There's two pieces of news on the AMD front as the company prepares to announce earnings this week, but neither are particularly happy. First, there's a persistent rumor from the GPU side of the equation that the 2011-era Macbook Pro's with AMD's discrete graphics are beginning to fail in higher-than-expected numbers with reports of graphics corruption and other intermittent issues. The relevant forum thread claims that the problem pops up when the laptops are under heavy load and that while a reboot may improve the situation temporarily, the graphics corruption always returns.

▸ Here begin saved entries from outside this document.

Section Spans.
Variables (R : comNzRingType) (V : lmodType R).
Implicit Types (S T : V -> Prop) (x y : V).

Definition spans S m (g : 'I_m -> V) : Prop :=
  forall x, S x <-> exists c : 'I_m -> R, x = \sum_i c i *: g i.

Definition fg_submod S : Prop := exists m (g : 'I_m -> V), spans S g.

Definition minimal_family m (g : 'I_m -> V) : Prop :=
  forall c : 'I_m -> R, \sum_i c i *: g i = 0 -> forall j, maxid (c j).

Lemma sum_indicator m (g : 'I_m -> V) j : \sum_i (i == j)%:R *: g i = g j.
Proof.
rewrite (bigD1 j) //= eqxx scale1r big1 ?addr0 // => i /negbTE ->.
by rewrite scale0r.
Qed.

Lemma spans_mem S m (g : 'I_m -> V) j : spans S g -> S (g j).
Proof.
by move=> Sg; apply/Sg; exists (fun i => (i == j)%:R); rewrite sum_indicator.
Qed.

Lemma submodule_sum S m (c : 'I_m -> R) (g : 'I_m -> V) :
  submodule S -> (forall i, S (g i)) -> S (\sum_i c i *: g i).
Proof. by move=> [S0 [SD SZ]] Sg; apply: (big_ind S) => // i _; apply: SZ. Qed.

Lemma submoduleB S x y : submodule S -> S x -> S y -> S (x - y).
Proof.
by move=> [_ [SD SZ]] Sx Sy; apply: SD => //; rewrite -scaleN1r; apply: SZ.
Qed.

Lemma submoduleI S T : submodule S -> submodule T -> submodule (fun x => S x /\ T x).
Proof.
move=> [S0 [SD SZ]] [T0 [TD TZ]]; split; [by []|split].
- by move=> x y [Sx Tx] [Sy Ty]; split; [apply: SD | apply: TD].
- by move=> r x [Sx Tx]; split; [apply: SZ | apply: TZ].
Qed.

Lemma spans_drop_unit S m (g : 'I_m.+1 -> V) (c : 'I_m.+1 -> R) j :
  spans S g -> is_unit (c j) -> \sum_i c i *: g i = 0 ->
  spans S (fun i => g (lift j i)).
Proof.
move=> Sg [b cjb] rel x; split; last first.
  move=> [d ->]; apply/Sg; exists (fun i => if unlift j i is Some k then d k else 0).
  rewrite (bigD1_ord j) //= unlift_none scale0r add0r.
  by apply: eq_bigr => i _; rewrite liftK.
move=> /Sg [d ->].
have gj : g j = - \sum_i (b * c (lift j i)) *: g (lift j i).
  move: rel; rewrite (bigD1_ord j) //= => /(congr1 (fun v => b *: v)).
  rewrite scaler0 scalerDr scalerA mulrC cjb scale1r scaler_sumr => /eqP.
  rewrite addr_eq0 => /eqP ->; congr (- _); apply: eq_bigr => i _; exact: scalerA.
exists (fun i => d (lift j i) - d j * (b * c (lift j i))).
rewrite (bigD1_ord j) //= gj scalerN scaler_sumr -sumrN -big_split /=.
by apply: eq_bigr => i _; rewrite scalerBl scalerA addrC.
Qed.

Lemma exists_minimal_spans S m (g : 'I_m -> V) :
  spans S g -> exists m' (g' : 'I_m' -> V), spans S g' /\ minimal_family g'.
Proof.
move: m g; apply: ltn_ind => m IH g Sg.
have [|] := classic (minimal_family g); first by exists m, g.
move=> /not_all_ex_not [c nc].
have {nc} [rel /not_all_ex_not [j ncj]] := imply_to_and _ _ nc.
have {ncj} cj : is_unit (c j) by apply: NNPP.
case: m IH g Sg c rel j cj => [|m] IH g Sg c rel j cj; first by case: j cj.
exact: IH m (ltnSn m) _ (spans_drop_unit Sg cj rel).
Qed.

Lemma sum_catf m1 m2 (c1 : 'I_m1 -> R) (c2 : 'I_m2 -> R)
    (g1 : 'I_m1 -> V) (g2 : 'I_m2 -> V) :
  \sum_i catf c1 c2 i *: catf g1 g2 i = \sum_i c1 i *: g1 i + \sum_i c2 i *: g2 i.
Proof.
rewrite big_split_ord /catf; congr (_ + _); apply: eq_bigr => i _.
  by rewrite (unsplitK (inl _ : 'I_m1 + 'I_m2)).
by rewrite (unsplitK (inr _ : 'I_m1 + 'I_m2)).
Qed.

End Spans.

Section LinearImage.
Variables (R : comNzRingType) (V W : lmodType R) (p : {linear V -> W}).
Implicit Type S : V -> Prop.

Lemma submodule_ker : submodule (fun v => p v = 0).
Proof.
split; first exact: linear0.
split=> [u v pu pv | r v pv]; first by rewrite linearD pu pv addr0.
by rewrite linearZ_LR pv scaler0.
Qed.

Lemma submodule_image S :
  submodule S -> submodule (fun w => exists v, S v /\ p v = w).
Proof.
move=> [S0 [SD SZ]]; split; first by exists 0; rewrite linear0.
split=> [w1 w2 [u [Su <-]] [v [Sv <-]] | r w [v [Sv <-]]].
  by exists (u + v); rewrite linearD; split; first exact: SD.
by exists (r *: v); rewrite linearZ_LR; split; first exact: SZ.
Qed.

(* [S] is generated by lifts of generators of [p(S)] together with the
   generators of [S :&: ker p]. *)
Lemma fg_submod_ext S : submodule S ->
  fg_submod (fun w => exists v, S v /\ p v = w) ->
  fg_submod (fun v => S v /\ p v = 0) -> fg_submod S.
Proof.
move=> SS [m1 [h Sh]] [m2 [g Sg]].
have /fin_all_exists [u Su] : forall i, exists v, S v /\ p v = h i.
  by move=> i; exact: spans_mem Sh.
exists (m1 + m2)%N, (catf u g) => x; split; last first.
  move=> [c ->]; apply: submodule_sum SS _ => i; rewrite /catf.
  by case: split => k; [case: (Su k) | case: (spans_mem k Sg)].
move=> Sx; have [c1 pxE] := (Sh (p x)).1 (ex_intro _ x (conj Sx erefl)).
have Kx : S (x - \sum_i c1 i *: u i) /\ p (x - \sum_i c1 i *: u i) = 0.
  split; first by apply: submoduleB SS Sx (submodule_sum _ SS (fun i => (Su i).1)).
  rewrite linearB linear_sum pxE; apply/eqP; rewrite subr_eq0; apply/eqP.
  by apply: eq_bigr => i _; rewrite linearZ_LR (Su i).2.
have [c2 xE] := (Sg _).1 Kx.
by exists (catf c1 c2); rewrite sum_catf -xE addrC subrK.
Qed.

End LinearImage.

Section NoetherianRows.
Variable R : comNzRingType.
Hypothesis noethR : noetherian R.

(* A submodule of [R^(1+n)] inside [R^1 x 0] is [I e_0] for an ideal [I] of [R]. *)
Lemma fg_submod_ker_rsubmx n (T : 'rV[R]_(1 + n) -> Prop) :
  submodule T -> (forall v, T v -> rsubmx v = 0) -> fg_submod T.
Proof.
move=> ST Tr; pose e0 : 'rV[R]_(1 + n) := row_mx 1%:M 0.
have TE v : T v -> v = lsubmx v 0 0 *: e0.
  move=> Tv; rewrite scale_row_mx scaler0 scalemx1 -mx11_scalar -(Tr v Tv).
  by rewrite hsubmxK.
pose I a := T (a *: e0).
have idI : ideal I.
  case: ST => [T0 [TD TZ]]; split; first by rewrite /I scale0r.
  split=> [a b Ia Ib | r a Ia]; first by rewrite /I scalerDl; exact: TD.
  by rewrite /I -scalerA; exact: TZ.
have [q [c Ic]] : fg_submod (V := R^o) I := noethR idI.
exists q, (fun l => c l *: e0) => v; split.
  move=> Tv; have Iv : I (lsubmx v 0 0) by rewrite /I -TE.
  have [d vE] := (Ic _).1 Iv.
  exists d; rewrite {1}(TE v Tv) vE scaler_suml.
  by apply: eq_bigr => l _; rewrite scalerA.
by move=> [d ->]; apply: submodule_sum ST _ => l; exact: spans_mem Ic.
Qed.

Lemma noetherian_rV_fg n (S : 'rV[R]_n -> Prop) : submodule S -> fg_submod S.
Proof.
elim: n S => [|n IH] S SS.
  exists 0%N, (fun=> 0) => v; rewrite thinmx0; split=> _; last by case: SS.
  by exists (fun=> 0); rewrite big_ord0.
apply: (@fg_submod_ext _ _ _ (@rsubmx R 1 1 n) (S : 'rV_(1 + n) -> Prop) SS).
  by apply: IH; exact: submodule_image.
apply: fg_submod_ker_rsubmx => [|v []//].
exact: submoduleI SS (submodule_ker _).
Qed.

End NoetherianRows.

Section MinimalGenerators.
Variable R : comNzRingType.
Hypothesis noethR : noetherian R.

Definition mingen n (S : 'rV[R]_n -> Prop) m (G : 'M[R]_(m, n)) : Prop :=
  (forall v, S v <-> exists w : 'rV_m, v = w *m G) /\
  (forall w : 'rV_m, w *m G = 0 -> forall j, maxid (w 0 j)).

Lemma exists_mingen n (S : 'rV[R]_n -> Prop) :
  submodule S -> exists m (G : 'M_(m, n)), mingen S G.
Proof.
move=> SS; have [m0 [g0 Sg0]] := noetherian_rV_fg noethR SS.
have [m [g [Sg ming]]] := exists_minimal_spans Sg0.
exists m, (\matrix_i g i); split=> [v | w].
  rewrite Sg; split=> [[c ->] | [w ->]].
    exists (\row_i c i); rewrite mulmx_sum_row.
    by apply: eq_bigr => i _; rewrite rowK mxE.
  by exists (fun i => w 0 i); rewrite mulmx_sum_row; under eq_bigr do rewrite rowK.
by rewrite mulmx_sum_row; under eq_bigr do rewrite rowK; exact: ming.
Qed.

Definition mingens n (S : 'rV[R]_n -> Prop) : {m : nat & 'M[R]_(m, n)} :=
  epsilon (inhabits (existT (fun m => 'M[R]_(m, n)) 0%N 0))
    (fun G => mingen S (projT2 G)).

Lemma mingensP n (S : 'rV[R]_n -> Prop) :
  submodule S -> mingen S (projT2 (mingens S)).
Proof.
move=> SS; have [m [G SG]] := exists_mingen SS.
pose P (G : {m : nat & 'M[R]_(m, n)}) := mingen S (projT2 G).
by apply: (@epsilon_spec _ _ P); exists (existT _ m G).
Qed.

(* [syz K0 i] is the i-th syzygy module of a module presented with relation
   module [K0], together with the rank of the free module containing it. *)
Fixpoint syz n0 (K0 : 'rV[R]_n0 -> Prop) i : {n : nat & 'rV[R]_n -> Prop} :=
  if i is i'.+1 then
    let G := mingens (projT2 (syz K0 i')) in
    existT _ (projT1 G) (fun v => v *m projT2 G = 0)
  else existT _ n0 K0.

Lemma submodule_syz n0 (K0 : 'rV[R]_n0 -> Prop) i :
  submodule K0 -> submodule (projT2 (syz K0 i)).
Proof. by case: i => [|i] //= _; exact: submodule_ker (mulmxr _). Qed.

End MinimalGenerators.

Section Combination.
Variables (R : comNzRingType) (M : lmodType R) (n : nat) (g : 'I_n -> M).

Definition lin_comb (v : 'rV[R]_n) : M := \sum_j v 0 j *: g j.

Fact lin_comb_is_linear : linear lin_comb.
Proof.
move=> a u v; rewrite /lin_comb scaler_sumr -big_split; apply: eq_bigr => j _.
by rewrite !mxE scalerDl scalerA.
Qed.

HB.instance Definition _ :=
  GRing.isLinear.Build R 'rV[R]_n M *:%R lin_comb lin_comb_is_linear.

End Combination.

Definition minimal_res (R : comNzRingType) (M : lmodType R) (F : free_res M) : Prop :=
  forall i k j, maxid (dmx F i k j).

Lemma exists_minimal_res (R : comNzRingType) (M : lmodType R) :
  noetherian R -> fin_gen M -> exists F : free_res M, minimal_res F.
Proof.
move=> noethR [n [g Mg]].
have [n0 [g0 [Mg0 ming0]]] :
    exists n0 (g0 : 'I_n0 -> M), spans (fun=> True) g0 /\ minimal_family g0.
  by apply: (exists_minimal_spans (g := g)) => x; split=> // _; exact: Mg.
pose K0 v := lin_comb g0 v = 0.
have SK0 : submodule K0 := submodule_ker (lin_comb g0).
pose G i := mingens (projT2 (syz K0 i)).
have GP i : mingen (projT2 (syz K0 i)) (projT2 (G i)).
  exact: (@mingensP R noethR _ _ (submodule_syz i SK0)).
have surj x : exists v : 'rV_n0, x = \sum_j v 0 j *: g0 j.
  have [c ->] := (Mg0 x).1 I; exists (\row_j c j).
  by apply: eq_bigr => j _; rewrite mxE.
pose F := @FreeRes R M (fun i => projT1 (syz K0 i)) (fun i => projT2 (G i)) g0 surj
  (fun v => (GP 0%N).1 v) (fun i v => (GP i.+1).1 v).
have syz_maxid i v : projT2 (syz K0 i) v -> forall j, maxid (v 0 j).
  by case: i v => [|i] v /= Kv j; [exact: ming0 Kv j | exact: (GP i).2 v Kv j].
exists F => i k j.
have rowG : projT2 (syz K0 i) (row k (projT2 (G i))).
  by apply/(GP i).1; exists (delta_mx 0 k); exact: rowE.
by have := syz_maxid i _ rowG j; rewrite mxE.
Qed.

Section MaximalIdealProducts.
Variables (R : comNzRingType) (X : lmodType R).
Implicit Types (S T N : X -> Prop) (x y : X).

Lemma m_times0 S : m_times S 0.
Proof. by exists 0%N, (fun=> 0), (fun=> 0); split; [case | rewrite big_ord0]. Qed.

Lemma m_timesD S x y : m_times S x -> m_times S y -> m_times S (x + y).
Proof.
move=> [p [a [s [Sas ->]]]] [q [b [u [Sbu ->]]]].
exists (p + q)%N, (catf a b), (catf s u); rewrite sum_catf; split=> // i.
by rewrite /catf; case: split.
Qed.

Lemma m_timesZ S a x : maxid a -> S x -> m_times S (a *: x).
Proof. by move=> ma Sx; exists 1%N, (fun=> a), (fun=> x); rewrite big_ord1. Qed.

Lemma m_times_sum S I (r : seq I) (f : I -> X) :
  (forall i, m_times S (f i)) -> m_times S (\sum_(i <- r) f i).
Proof.
by move=> Sf; apply: (big_ind (m_times S)); [exact: m_times0 | exact: m_timesD |].
Qed.

Lemma m_times_sub S T x : (forall y, S y -> T y) -> m_times S x -> m_times T x.
Proof.
move=> ST [p [a [s [Sas ->]]]]; exists p, a, s; split=> // i.
by case: (Sas i) => ma Ss; split; last exact: ST.
Qed.

Lemma colon_m_sub N x : submodule N -> N x -> colon_m N x.
Proof. by move=> [_ [_ NZ]] Nx a _; exact: NZ. Qed.

Lemma not_burch N : submodule N ->
  (forall a y, maxid a -> colon_m N y -> m_times N (a *: y)) -> ~ burch N.
Proof.
move=> SN mcolon; apply=> x; split.
  move=> [p [a [s [Sas ->]]]]; apply: m_times_sum => i.
  by case: (Sas i); exact: mcolon.
by apply: m_times_sub => y; exact: colon_m_sub.
Qed.

End MaximalIdealProducts.

Section MinimalResolutionTor.
Variables (R : comNzRingType) (M X : lmodType R) (F : free_res M).
Variable N : X -> Prop.
Hypotheses (SN : submodule N) (minF : minimal_res F).

Lemma dmxK i : dmx F i.+1 *m dmx F i = 0.
Proof.
apply/row_matrixP => k; rewrite row_mul row0.
by apply/exactS; exists (delta_mx 0 k); exact: rowE.
Qed.

Lemma bdK i (x : 'I_(rk F i.+2) -> X) j : bd (bd x) j = 0.
Proof.
rewrite /bd; under eq_bigr do rewrite scaler_sumr.
rewrite exchange_big big1 //= => k _.
under eq_bigr do rewrite scalerA; rewrite -scaler_suml.
suff -> : \sum_l dmx F i l j * dmx F i.+1 k l = 0 by rewrite scale0r.
have /matrixP/(_ k j) := dmxK i; rewrite !mxE => dd0; rewrite -[RHS]dd0.
by apply: eq_bigr => l _; rewrite mulrC.
Qed.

Various unhappy customers have signed a Change.org petition, and are lining up to call for an investigation into the issue. It's hard to say what the real situation is -- on the one hand, mobile GPU's can be susceptible to failure, and we've definitely seen that happen before, though the last time was with Nvidia. On the other hand, however, the laptops in question are nearly three years old. At that age, failure rates for all brands rise sharply. Even Apple's failure rates, while better than the industry average, are still above 15% by the three year mark.

Whether this is abnormal failure or something to be expected is yet unclear. AMD has not responded to the story, nor has Apple officially.

A Llano Lawsuit

In other AMD news, there's word of an investor lawyer lawsuit against the company for its portrayal and predictions regarding Llano products. According to the plaintiffs, AMD "repeatedly highlighted the strong and significant interest in, demand for, and unit shipments of its Llano APUs. Defendants falsely and misleadingly represented that AMD's desktop business was in a 'strong position' and that it would continue to rebound in 2012."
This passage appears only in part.